Search
Question: Bypass dispersion estimation in DESeq2
0
10 months ago by
stevenn.volant0 wrote:

Hello,

I use the DESeq2 package for many projects in which the number of samples is quite small. But, sometimes i have some projects with almost 700 samples and i want to do the same kind of analysis for all the projects.

When the number of samples is huge the estimation of the dispersion is very time consuming. In this specific case, i think that using the estimation providing by the parametric or local regression is not required, the gene-wise dispersion can be used (or something close to this estimation).

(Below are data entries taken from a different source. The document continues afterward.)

(* Let $(\mathcal{A},m,f)$ be a presheaf of commutative $k$-algebras on a small category $\mathcal{U}$, so that $\bar{\mathbf{C}}'_{\mathrm{GS}}(\mathcal{A})=\bar{\mathbf{C}}'_{\mathrm{tGS}}(\mathcal{A})\oplus\mathbf{C}'_{\mathrm{simp}}(\mathcal{A})$. Let $((m_1,f_1),c_1)\in Z^2\bar{\mathbf{C}}'_{\mathrm{GS}}(\mathcal{A})$, with corresponding first order twisted deformation $\bar{\mathcal{A}}=(\mathcal{A}[\epsilon],m+m_1\epsilon,f+f_1\epsilon,1+c_1\epsilon)$. Then $\bar{\mathcal{A}}$ is a twisted presheaf with central twists, and its underlying presheaf $\underline{\bar{\mathcal{A}}}=(\mathcal{A}[\epsilon],m+m_1\epsilon,f+f_1\epsilon)$ is the first order presheaf deformation corresponding to $(m_1,f_1)\in Z^2\bar{\mathbf{C}}'_{\mathrm{tGS}}(\mathcal{A})$.
   Context: $k$ is a commutative ring, $k[\epsilon]=k[\epsilon]/(\epsilon^2)$. $\mathbf{C}_{\mathrm{GS}}(\mathcal{A})$ is the Gerstenhaber–Schack complex: total complex of $\mathbf{C}^{p,q}(\mathcal{A})=\prod_{\sigma\in\mathcal{N}_p(\mathcal{U})}\mathrm{Hom}_k(\mathcal{A}(c\sigma)^{\otimes q},\mathcal{A}(d\sigma))$ (product over $p$-simplices $\sigma=(d\sigma=U_0\to\cdots\to U_p=c\sigma)$ of the nerve) with componentwise Hochschild and simplicial differentials, $d_{\mathrm{GS}}=(-1)^{n+1}d_{\mathrm{simp}}+d_{\mathrm{Hoch}}$ in degree $n$. $\bar{\mathbf{C}}'$ denotes normalized (vanishing when an argument is $1$) and reduced (vanishing on degenerate simplices) cochains; $\mathbf{C}_{\mathrm{tGS}}$ is the part with $q\ge1$ and $\mathbf{C}_{\mathrm{simp}}$ the row $q=0$. A degree 2 cochain is written $(m_1,f_1,c_1)\in\mathbf{C}^{0,2}\oplus\mathbf{C}^{1,1}\oplus\mathbf{C}^{2,0}$. A twisted presheaf $(\mathcal{A},m,f,c)$ consists of algebras, algebra maps $u^*=f^u$ ($f^{1_U}=1$) and invertible $c^{u,v}\in\mathcal{A}(W)$ ($v\colon W\to V,u\colon V\to U$) with $c^{u,v}v^*u^*(a)=(uv)^*(a)c^{u,v}$, $c^{u,vw}c^{v,w}=c^{uv,w}w^*(c^{u,v})$, $c^{u,1}=c^{1,u}=1$; it has central twists if all $c^{u,v}$ are central, and then its underlying presheaf is $(\mathcal{A},m,f)$. A normalized reduced 2-cocycle $(m_1,f_1,c_1)$ determines the first order twisted deformation $(\mathcal{A}[\epsilon],m+m_1\epsilon,f+f_1\epsilon,1+c_1\epsilon)$ (a twisted presheaf of $k[\epsilon]$-algebras); when $c_1=0$ it is a presheaf deformation. *)

From HB Require Import structures.
From mathcomp Require Import all_boot all_algebra.
Set Implicit Arguments. Unset Strict Implicit. Unset Printing Implicit Defensive.
Import GRing.Theory.
Local Open Scope ring_scope.

(* A small category.  [Mor V U] is the type of arrows V -> U;
   [comp u v] (u : V -> U, v : W -> V) is the composite uv : W -> U. *)
Record smallcat := SmallCat {
  Ob : Type;
  Mor : Ob -> Ob -> Type;
  idm : forall U, Mor U U;
  comp : forall U V W, Mor V U -> Mor W V -> Mor W U;
  comp1m : forall U V (u : Mor V U), comp (idm U) u = u;
  compm1 : forall U V (u : Mor V U), comp u (idm V) = u;
  compA : forall U V W X (u : Mor V U) (v : Mor W V) (w : Mor X W),
      comp u (comp v w) = comp (comp u v) w }.
Arguments idm {s} U.
Arguments comp {s U V W} u v.

Section Alg.
Variable k : comPzRingType.

Definition is_algebra (M : lmodType k) (mul : M -> M -> M) (one : M) : Prop :=
  ((associative mul) /\
     (left_id one mul) /\
     (right_id one mul) /\
     ((forall a x y z, mul (a *: x + y) z = a *: mul x z + mul y z)) /\
     ((forall a x y z, mul z (a *: x + y) = a *: mul z x + mul z y))).

Definition is_klinear (M N : lmodType k) (g : M -> N) : Prop :=
  forall a x y, g (a *: x + y) = a *: g x + g y.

So my question is, is there a way to by pass the estimation and directly use the gene-wise dispersion ?

Best

modified 10 months ago by Michael Love19k • written 10 months ago by stevenn.volant0
1
10 months ago by
Michael Love19k
United States
Michael Love19k wrote:

hi Stevenn,

Yes, you are right that the MAP will be nearly the same as the MLE with hundreds of residual degrees of freedom. To use the MLE instead of calculating the MAP you can use:

dds <- estimateDispersionsGeneEst(dds)
dispersions(dds) <- mcols(dds)\$dispGeneEst
dds <- nbinomWaldTest(dds) # or nbinomLRT()

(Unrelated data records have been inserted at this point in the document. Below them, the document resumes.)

(* Let $D_\infty=\langle s,t\mid t^2,\ tsts\rangle$. If $\alpha:D_\infty\curvearrowright X$ is a minimal continuous action on an infinite compact Hausdorff space $X$, then $\alpha$ is topologically free, i.e. for every $g\ne e$ in $D_\infty$ the set $\{x\in X: gx\ne x\}$ is dense in $X$. *)

From HB Require Import structures.
From mathcomp Require Import all_boot all_order all_algebra.
From mathcomp Require Import all_classical all_reals all_analysis.
Set Implicit Arguments. Unset Strict Implicit. Unset Printing Implicit Defensive.
Import Order.TTheory GRing.Theory Num.Theory.

(* The infinite dihedral group D_oo = < s, t | t^2, tsts >, modelled by its
   normal form: the pair (n, b) stands for s^n t^b  (n : int, b : bool).
   From t^2 = 1 and tsts = 1 we get t s^m = s^-m t, hence
   (s^n t^b)(s^m t^c) = s^(n + (-1)^b m) t^(b xor c). *)
Definition Dinf := (int * bool)%type.

Definition dinf_one : Dinf := (0%R, false).
Definition dinf_mul (g h : Dinf) : Dinf :=
  ((g.1 + (if g.2 then - h.1 else h.1))%R, xorb g.2 h.2).
Definition dinf_s : Dinf := (1%R, false).
Definition dinf_t : Dinf := (0%R, true).

Local Open Scope classical_set_scope.

Definition continuous_dinf_action (X : topologicalType) (act : Dinf -> X -> X) :=
  [/\ (forall x, act dinf_one x = x),
      (forall g h x, act (dinf_mul g h) x = act g (act h x)) &
      (forall g, continuous (act g))].

Definition minimal_action (X : topologicalType) (act : Dinf -> X -> X) :=
  forall x : X, closure (range (fun g => act g x)) = setT.

Definition topologically_free (X : topologicalType) (act : Dinf -> X -> X) :=
  forall g : Dinf, g <> dinf_one -> dense [set x | act g x <> x].

From HB Require Import structures.
From mathcomp Require Import all_boot all_order all_algebra.
From mathcomp Require Import all_classical all_reals all_analysis.
From mathcomp Require Import zify.
Set Implicit Arguments.
Unset Strict Implicit.
Unset Printing Implicit Defensive.
Local Open Scope classical_set_scope.
Import Order.TTheory GRing.Theory Num.Theory.

(* Elements of D_oo are translations s^n = (n, false) and reflections
   s^n t = (n, true).  Suppose g <> e fixes a nonempty open set O pointwise.
   1. Compactness, minimality and infiniteness rule out isolated points, so O
      contains two points x and h x with h x <> x (minimality again).
   2. If a translation s^n, n <> 0, fixes a point, then it fixes every point:
      its fixed set is closed (Hausdorff), nonempty and invariant (s^n is
      normalised by D_oo up to inversion), hence everything by minimality.
      Then every orbit lies in the finite set {s^p t^b x | 0 <= p < |n|},
      and the dense orbit forces X to be finite.
   3. Since g fixes x and h x, the element g h^-1 g h fixes x.  If g is a
      translation we apply 2 to g directly; if g is a reflection,
      g h^-1 g h is a translation, which is trivial only when h = e or
      h = g, both excluded by h x <> x; so 2 applies again.
   In every case X is finite, a contradiction. *)

Definition dinf_inv (h : Dinf) : Dinf := if h.2 then h else ((- h.1)%R, false).

Lemma dinf_mulVg h : dinf_mul (dinf_inv h) h = dinf_one.
Proof. by case: h => m [] /=; rewrite /dinf_mul /dinf_one /= ?addNr ?subrr. Qed.

Lemma dinf_translation_conj n h :
  dinf_mul (n, false) h = dinf_mul h ((if h.2 then (- n)%R else n), false).
Proof. by case: h => m [] /=; rewrite /dinf_mul /= ?opprK addrC. Qed.

Lemma dinf_reflection_commutator n h : exists k : int,
  dinf_mul (n, true) (dinf_mul (dinf_inv h) (dinf_mul (n, true) h)) = (k, false)
  /\ (k = 0%R -> h = dinf_one \/ h = (n, true)).
Proof.
case: h => m [].
- exists (n - (m - (n - m)))%R; split => // k0; right.
  by congr (_, _); move: k0; lia.
- exists (n - (- m + (n - m)))%R; split => // k0; left.
  by rewrite /dinf_one; congr (_, _); move: k0; lia.
Qed.

Lemma closed_fixed_set (X : topologicalType) (f : X -> X) :
  hausdorff_space X -> continuous f -> closed [set x | f x = x].
Proof.
move=> hX fcont y clFy; apply: hX => A B nA nB.
have nfA : nbhs y (f @^-1` A) by apply: fcont.
have [z [fz [Afz Bz]]] := clFy _ (filterI nfA nB).
by exists z; split => //; rewrite -fz.
Qed.

Lemma compact_discrete_finite (X : topologicalType) :
  compact [set: X] -> (forall x : X, open [set x]) -> finite_set [set: X].
Proof.
move=> cX op1; have [[x0 _]|X0] := pselect ([set: X] !=set0); last first.
  rewrite (_ : [set: X] = set0) //.
  by apply/seteqP; split => // x _; apply: X0; exists x.
(* the cover characterisation of compactness is stated for pointed spaces *)
pose pX := HB.pack_for ptopologicalType X (isPointed.Build X x0).
have cover_cX : @cover_compact pX [set: X] by rewrite -compact_cover.
have [D _ cov] := cover_cX X [set: X] (fun z => [set z]) (fun z _ => op1 z)
  (fun z _ => ex_intro2 _ _ z I erefl).
apply: (finite_subfset D) => z _.
by have [w /= Dw ->] := cov z I.
Qed.

Section DinfAction.
Variables (X : topologicalType) (act : Dinf -> X -> X).
Hypothesis act_cont_action : continuous_dinf_action act.

Lemma act_one x : act dinf_one x = x.
Proof. by case: act_cont_action. Qed.

Lemma act_mul g h x : act (dinf_mul g h) x = act g (act h x).
Proof. by case: act_cont_action. Qed.

Lemma act_cont g : continuous (act g).
Proof. by case: act_cont_action. Qed.

Lemma act_invK h x : act (dinf_inv h) (act h x) = x.
Proof. by rewrite -act_mul dinf_mulVg act_one. Qed.

Lemma translation_fixN n y : act (n, false) y = y -> act ((- n)%R, false) y = y.
Proof.
move=> fy; rewrite -{1}fy -act_mul.
rewrite (_ : dinf_mul _ _ = dinf_one) ?act_one //.
by rewrite /dinf_mul /dinf_one /= addNr.
Qed.

Lemma translation_fix_invariant n x h :
  act (n, false) x = x -> act (n, false) (act h x) = act h x.
Proof.
move=> fx; rewrite -act_mul dinf_translation_conj act_mul; congr (act _ _).
by case: h.2 => //; apply: translation_fixN.
Qed.

Lemma translation_fix_multiple n : (forall y, act (n, false) y = y) ->
  forall (q : int) y, act ((q * n)%R, false) y = y.
Proof.
suff fix_nat m : (forall y, act (m, false) y = y) ->
    forall (k : nat) y, act ((Posz k * m)%R, false) y = y.
  move=> fixn [k|k] y; first exact: fix_nat.
  by rewrite NegzE mulNr -mulrN; apply: fix_nat => z; apply: translation_fixN.
move=> fixm; elim=> [|k IH] y; first by rewrite mul0r act_one.
rewrite intS mulrDl mul1r.
by rewrite (act_mul (m, false) ((Posz k * m)%R, false)) IH fixm.
Qed.

Hypothesis act_minimal : minimal_action act.

Lemma minimal_closed_invariant (C : set X) x : closed C ->
  (forall h y, C y -> C (act h y)) -> C x -> C = setT.
Proof.
move=> clC invC Cx; apply/seteqP; split => // y _.
have orbitC : range (act^~ x) `<=` C by move=> _ [h _ <-]; apply: invC.
have : closure (range (act^~ x)) y by rewrite act_minimal.
by move/(closureS orbitC); rewrite -(closure_id C).1.
Qed.

Hypothesis X_hausdorff : hausdorff_space X.

Lemma translation_fixed_point_finite n x : n != 0%R ->
  act (n, false) x = x -> finite_set [set: X].
Proof.
move=> n0 fx.
have fix_all y : act (n, false) y = y.
  suff fixT : [set z | act (n, false) z = z] = setT
    by have : [set z | act (n, false) z = z] y by rewrite fixT.
  apply: (minimal_closed_invariant (x := x)) => //.
    exact: (closed_fixed_set X_hausdorff (@act_cont (n, false))).
  by move=> h z; apply: translation_fix_invariant.
(* s^m t^b x = s^(m mod n) t^b x, so the orbit of x lies in S *)
set S := [set act (Posz p.1, p.2) x | p in `I_(absz n) `*` [set: bool]].
have finS : finite_set S.
  by apply/finite_image/finite_setX; [exact: finite_II | exact: finite_finset].
have clS : closed S.
  exact: (accessible_finite_set_closed.1 (hausdorff_accessible X_hausdorff)).
have orbitS : range (act^~ x) `<=` S.
  move=> _ [[m b] _ <-]; have r0 := modz_ge0 m n0; have rn := ltz_mod m n0.
  exists (absz (m %% n)%Z, b).
    by split => //=; move: rn; rewrite -[X in (X < _)%R]gez0_abs //; lia.
  rewrite /= gez0_abs //.
  rewrite [in RHS](_ : (m, b) =
      dinf_mul (((m %/ n)%Z * n)%R, false) ((m %% n)%Z, b)).
    by rewrite act_mul translation_fix_multiple.
  by rewrite /dinf_mul /= -divz_eq.
apply: (sub_finite_set _ finS) => y _.
have : closure (range (act^~ x)) y by rewrite act_minimal.
by move/(closureS orbitS); rewrite -(closure_id S).1.
Qed.

Lemma two_fixed_points_finite g h x : g <> dinf_one -> act h x <> x ->
  act g x = x -> act g (act h x) = act h x -> finite_set [set: X].
Proof.
move=> g1 hx gx ghx.
(* g h^-1 g h x = g h^-1 h x = x *)
have fix_comm : act (dinf_mul g (dinf_mul (dinf_inv h) (dinf_mul g h))) x = x.
  by rewrite !act_mul ghx act_invK gx.
case: g g1 gx ghx fix_comm => n [] g1 gx ghx fix_comm; last first.
  apply: (translation_fixed_point_finite _ gx).
  by apply: contra_not_neq g1 => ->.
have [k [comm_k k0]] := dinf_reflection_commutator n h.
rewrite comm_k in fix_comm; apply: (translation_fixed_point_finite _ fix_comm).
by apply/eqP => /k0 [] h_eq; apply: hx; rewrite h_eq ?act_one.
Qed.

Hypothesis X_compact : compact [set: X].

(* Isolated points are impossible unless X is finite: minimality propagates
   the isolation of one point to all points. *)
Lemma open_singleton_finite (x : X) : open [set x] -> finite_set [set: X].
Proof.
move=> ox; apply: compact_discrete_finite => // z.
have [_ [[h _ <-] /= hzx]] : range (act^~ z) `&` [set x] !=set0.
  have : closure (range (act^~ z)) x by rewrite act_minimal.
  by apply; apply: open_nbhs_nbhs.
have -> : [set z] = act h @^-1` [set x].
  apply/seteqP; split => w /=; first by move=> ->.
  by rewrite -hzx => /(congr1 (act (dinf_inv h))); rewrite !act_invK.
by move/continuousP: (@act_cont h); apply.
Qed.

Lemma open_orbit_point (O : set X) x : ~ finite_set [set: X] ->
  open O -> O x -> exists h, O (act h x) /\ act h x <> x.
Proof.
move=> X_infinite oO Ox.
have [y [Oy yx]] : exists y, O y /\ y <> x.
  apply: contrapT => noy; apply/X_infinite/(@open_singleton_finite x).
  suff -> : [set x] = O by [].
  apply/seteqP; split => [z -> //|z Oz].
  by apply: contrapT => zx; apply: noy; exists z.
have nOy : nbhs y (O `&` ~` [set x]).
  apply: open_nbhs_nbhs; split => //; apply: openI => //.
  exact/closed_openC/accessible_closed_set1/hausdorff_accessible.
have : closure (range (act^~ x)) y by rewrite act_minimal.
by move=> /(_ _ nOy) [_ [[h _ <-] [Ohx hx]]]; exists h.
Qed.

End DinfAction.

Theorem proposition2p6 (X : topologicalType) (act : Dinf -> X -> X) :
  compact [set: X] -> hausdorff_space X -> ~ finite_set [set: X] ->
  continuous_dinf_action act -> minimal_action act ->
  topologically_free act.
Proof.
move=> X_compact X_hausdorff X_infinite act_action act_minimal g g1 O [x Ox] oO.
apply: contrapT => O_fixed.
have fixO y : O y -> act g y = y.
  by move=> Oy; apply: contrapT => gy; apply: O_fixed; exists y.
have [h [Ohx hx]] := open_orbit_point act_action act_minimal X_hausdorff
  X_compact X_infinite oO Ox.
apply: X_infinite; apply: (two_fixed_points_finite act_action act_minimal
  X_hausdorff g1 hx); exact: fixO.
Qed.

But also, aside from the above, you can use some simple wrappers to parallelize many steps in DESeq2. This is what occurs within DESeq() when you use parallel=TRUE, but I'm trying to clean up the function now so it's easier for users to copy the code and do it on their own. There may be some better techniques for memory management which I'm actively exploring.

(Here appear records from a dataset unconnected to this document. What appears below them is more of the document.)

(* Let $A,B\in\mathbb{R}^{n\times n}$ be symmetric, $a,b\in\mathbb{R}^n$, $c,d\in\mathbb{R}$, $\alpha\le\beta$ real, $f(x)=x^TAx+2a^Tx+c$, $h(x)=x^TBx+2b^Tx+d$. Suppose $B\neq 0$ and there exist $\widehat{x}\in\mathbb{R}^n$ and a symmetric $\widehat{X}$ with $\widehat{X}-\widehat{x}\widehat{x}^T$ positive definite and $\alpha<B\bullet\widehat{X}+2b^T\widehat{x}+d<\beta$. Then the problem $\inf\{f(x): \alpha\le h(x)\le\beta\}$ is bounded below (i.e. has optimal value $>-\infty$) if and only if there exist $\mu,s\in\mathbb{R}$ with $\begin{bmatrix}A+\mu B & a+\mu b\\ a^T+\mu b^T & s\end{bmatrix}\succeq 0$ (i.e. the Lagrangian dual problem $\sup\{c+\mu d-\mu_-\beta+\mu_+\alpha-s : \mu,s\in\mathbb{R},\ \begin{bmatrix}A+\mu B & a+\mu b\\ a^T+\mu b^T & s\end{bmatrix}\succeq 0\}$, with $\mu_+=\max\{\mu,0\}$, $\mu_-=-\min\{\mu,0\}$, is feasible).
   Context: $M\succeq 0$ means $M$ is positive semidefinite; $M\bullet N=\sum_{i,j}m_{ij}n_{ij}$. *)

From mathcomp Require Import all_boot all_order all_algebra.
From mathcomp Require Import reals.
Set Implicit Arguments. Unset Strict Implicit. Unset Printing Implicit Defensive.
Import Order.TTheory GRing.Theory Num.Theory.
Local Open Scope ring_scope.

Definition sc (R : ringType) (M : 'M[R]_1) : R := M ord0 ord0.

Definition psd (R : realType) (n : nat) (M : 'M[R]_n) : Prop :=
  M^T = M /\ forall v : 'cV[R]_n, 0 <= sc (v^T *m M *m v).

Definition pd (R : realType) (n : nat) (M : 'M[R]_n) : Prop :=
  M^T = M /\ forall v : 'cV[R]_n, v != 0 -> 0 < sc (v^T *m M *m v).

Definition frob (R : ringType) (m n : nat) (M N : 'M[R]_(m, n)) : R :=
  \sum_(i < m) \sum_(j < n) M i j * N i j.

Definition quadf (R : realType) (n : nat) (A : 'M[R]_n) (a : 'cV[R]_n) (c : R)
  (x : 'cV[R]_n) : R :=
  sc (x^T *m A *m x) + 2 * sc (a^T *m x) + c.

Definition dualmx (R : realType) (n : nat) (A B : 'M[R]_n) (a b : 'cV[R]_n)
  (mu s : R) : 'M[R]_(n + 1) :=
  block_mx (A + mu *: B) (a + mu *: b) (a^T + mu *: b^T) (s%:M).

(* Let L bound f from below on the feasible set and let m in [alpha, beta] be
   a level that h crosses strictly.  Homogenizing gives the quadratic forms
   P = [A a; a^T c-L] and Q = [B b; b^T d-m] on R^(n+1), and P is nonnegative
   on the null cone of Q: at points (x, t) with t <> 0 this is f >= L on the
   level set {h = m}; at points (x, 0) it says x^T A x >= 0 whenever
   x^T B x = 0, for otherwise f goes to -oo along the points x0 + s x + r w of
   the level set, where w^T B w <> 0 and r = O(sqrt |s|).  As Q takes both
   signs, Finsler's lemma gives mu with P + mu Q psd, which is the dual matrix
   for s = c - L + mu (d - m).
   The level m exists because B <> 0 makes h nonconstant and the Slater point
   of the SDP relaxation forces h to take a value in (alpha, beta): if h were
   bounded on one side, B would be semidefinite, and B • P would have a sign
   for the positive definite P = Xh - xh xh^T.  The converse is immediate by
   evaluating the dual matrix at (x, 1). *)

From mathcomp Require Import all_boot all_order all_algebra.
From mathcomp Require Import reals classical_sets.
From mathcomp Require Import ring lra.
From Stdlib Require Import Classical.
Set Implicit Arguments. Unset Strict Implicit. Unset Printing Implicit Defensive.
Import Order.TTheory GRing.Theory Num.Theory.
Local Open Scope ring_scope.

Section Forms.
Variable R : realType.
Implicit Types (k t : R).

Definition bform n (M : 'M[R]_n) (u v : 'cV[R]_n) : R := sc (u^T *m M *m v).
Definition vdot n (a x : 'cV[R]_n) : R := sc (a^T *m x).

Lemma sc0 : sc (0 : 'M[R]_1) = 0.
Proof. by rewrite /sc mxE. Qed.

Lemma scD (X Y : 'M[R]_1) : sc (X + Y) = sc X + sc Y.
Proof. by rewrite /sc mxE. Qed.

Lemma scN (X : 'M[R]_1) : sc (- X) = - sc X.
Proof. by rewrite /sc mxE. Qed.

Lemma scZ k (X : 'M[R]_1) : sc (k *: X) = k * sc X.
Proof. by rewrite /sc mxE. Qed.

Lemma sc_tr (X : 'M[R]_1) : sc X^T = sc X.
Proof. by rewrite /sc mxE. Qed.

Lemma sc_scalar k : sc (k%:M : 'M[R]_1) = k.
Proof. by rewrite /sc mxE. Qed.

Lemma sc_mul (X Y : 'M[R]_1) : sc (X *m Y) = sc X * sc Y.
Proof. by rewrite /sc mxE big_ord1. Qed.

Lemma bformDl n (M : 'M[R]_n) u v w : bform M (u + v) w = bform M u w + bform M v w.
Proof. by rewrite /bform linearD /= !mulmxDl scD. Qed.

Lemma bformDr n (M : 'M[R]_n) u v w : bform M w (u + v) = bform M w u + bform M w v.
Proof. by rewrite /bform !mulmxDr scD. Qed.

Lemma bformZl n (M : 'M[R]_n) k u w : bform M (k *: u) w = k * bform M u w.
Proof. by rewrite /bform linearZ /= -!scalemxAl scZ. Qed.

Lemma bformZr n (M : 'M[R]_n) k u w : bform M w (k *: u) = k * bform M w u.
Proof. by rewrite /bform -!scalemxAr scZ. Qed.

Lemma bformC n (M : 'M[R]_n) u v : M^T = M -> bform M u v = bform M v u.
Proof. by move=> sM; rewrite /bform -sc_tr !trmx_mul trmxK sM mulmxA. Qed.

Lemma bform_mxD n (M N : 'M[R]_n) u v : bform (M + N) u v = bform M u v + bform N u v.
Proof. by rewrite /bform mulmxDr mulmxDl scD. Qed.

Lemma bform_mxZ n (M : 'M[R]_n) k u v : bform (k *: M) u v = k * bform M u v.
Proof. by rewrite /bform -scalemxAr -scalemxAl scZ. Qed.

Lemma bform_delta n (B : 'M[R]_n) i j : bform B (delta_mx i 0) (delta_mx j 0) = B i j.
Proof. by rewrite /bform trmx_delta -rowE -colE /sc !mxE. Qed.

Lemma vdotC n (a x : 'cV[R]_n) : sc (x^T *m a) = vdot a x.
Proof. by rewrite /vdot -sc_tr trmx_mul trmxK. Qed.

Lemma vdotDl n (a b x : 'cV[R]_n) : vdot (a + b) x = vdot a x + vdot b x.
Proof. by rewrite /vdot linearD /= mulmxDl scD. Qed.

Lemma vdotDr n (a x y : 'cV[R]_n) : vdot a (x + y) = vdot a x + vdot a y.
Proof. by rewrite /vdot mulmxDr scD. Qed.

Lemma vdotZl n (a x : 'cV[R]_n) k : vdot (k *: a) x = k * vdot a x.
Proof. by rewrite /vdot linearZ /= -scalemxAl scZ. Qed.

Lemma vdotZr n (a x : 'cV[R]_n) k : vdot a (k *: x) = k * vdot a x.
Proof. by rewrite /vdot -scalemxAr scZ. Qed.

Lemma bform_line n (M : 'M[R]_n) u w t : M^T = M ->
  bform M (u + t *: w) (u + t *: w) =
  bform M u u + 2 * t * bform M u w + t ^+ 2 * bform M w w.
Proof.
by move=> sM; rewrite !(bformDl, bformDr, bformZl, bformZr) (bformC w u sM); ring.
Qed.

Lemma quadfE n (M : 'M[R]_n) m k x : quadf M m k x = bform M x x + 2 * vdot m x + k.
Proof. by []. Qed.

Lemma quadfN n (M : 'M[R]_n) m k x : quadf (- M) (- m) (- k) x = - quadf M m k x.
Proof.
rewrite !quadfE /bform /vdot mulmxN mulNmx scN linearN /= mulNmx scN; ring.
Qed.

Lemma quadf_shift n (M : 'M[R]_n) m k L y : quadf M m (k - L) y = quadf M m k y - L.
Proof. by rewrite !quadfE; ring. Qed.

Lemma quadf_comb n (A B : 'M[R]_n) a b c d mu k x :
  quadf (A + mu *: B) (a + mu *: b) k x =
  quadf A a c x + mu * quadf B b d x + (k - c - mu * d).
Proof. by rewrite !quadfE bform_mxD bform_mxZ vdotDl vdotZl; ring. Qed.

Lemma quadf_line n (M : 'M[R]_n) m k x0 x t : M^T = M ->
  quadf M m k (x0 + t *: x) =
  quadf M m k x0 + 2 * t * (bform M x0 x + vdot m x) + t ^+ 2 * bform M x x.
Proof. by move=> sM; rewrite !quadfE bform_line // vdotDr vdotZr; ring. Qed.

Lemma quadf_plane n (M : 'M[R]_n) m k x0 x w s r : M^T = M ->
  quadf M m k (x0 + s *: x + r *: w) =
  quadf M m k x0 + 2 * s * (bform M x0 x + vdot m x) + 2 * r * (bform M x0 w + vdot m w)
  + s ^+ 2 * bform M x x + 2 * s * r * bform M x w + r ^+ 2 * bform M w w.
Proof.
move=> sM; rewrite !quadfE !(bformDl, bformDr, bformZl, bformZr, vdotDr, vdotZr).
rewrite (bformC _ x0 sM) (bformC _ x0 sM) (bformC _ x sM) (bformC w x sM); ring.
Qed.

End Forms.

Section RealPolynomials.
Variable R : realType.

Lemma ler_mul_norm (x y : R) : x * y <= `|x| * `|y|.
Proof. by rewrite -normrM ler_norm. Qed.

Lemma quadratic_real_roots (a b q : R) : a != 0 -> a * q <= 0 ->
  exists r1 r2, [/\ a * r1 ^+ 2 + 2 * b * r1 + q = 0,
                    a * r2 ^+ 2 + 2 * b * r2 + q = 0 & a * (r1 * r2) = q].
Proof.
move=> a0 aq; have disc : 0 <= b ^+ 2 - a * q by have := sqr_ge0 b; lra.
pose sq := Num.sqrt (b ^+ 2 - a * q).
have sq2 : sq ^+ 2 = b ^+ 2 - a * q by rewrite sqr_sqrtr.
exists ((- b + sq) / a), ((- b - sq) / a); split.
- have -> : a * ((- b + sq) / a) ^+ 2 + 2 * b * ((- b + sq) / a) + q =
            (sq ^+ 2 - (b ^+ 2 - a * q)) / a by field.
  by rewrite sq2 subrr mul0r.
- have -> : a * ((- b - sq) / a) ^+ 2 + 2 * b * ((- b - sq) / a) + q =
            (sq ^+ 2 - (b ^+ 2 - a * q)) / a by field.
  by rewrite sq2 subrr mul0r.
- have -> : a * ((- b + sq) / a * ((- b - sq) / a)) = (b ^+ 2 - sq ^+ 2) / a by field.
  by rewrite sq2 opprB addrC subrK mulrAC divff // mul1r.
Qed.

The above steps can be distributed to any number of cores, e.g.,

idx <- factor(sort(rep(seq_len(nworkers),length=nrow(dds))))
dds.list <- lapply(levels(idx), function(l) dds[idx==l,])
dds.list <- bplapply(dds.list, function(d) {
# some code to run on 'd'
# a function that should NOT go here is estimateDispersionsFit()
# ...that function needs to see all of the rows of 'dds' together
})
dds <- do.call(rbind, dds.list)

If this is becoming a frequent enough use case, could the above (first code chunk) be exposed as an option in the DESeq() wrapper?

That's a reasonable suggestion. DESeq2 then reduces to MLE dispersion with the GLM, which you could just as well get with e.g. glm.nb() with log of size factors as offset, but on the other hand you then have an object that can be input to lfcShrink() to get moderated fold changes, which is novel.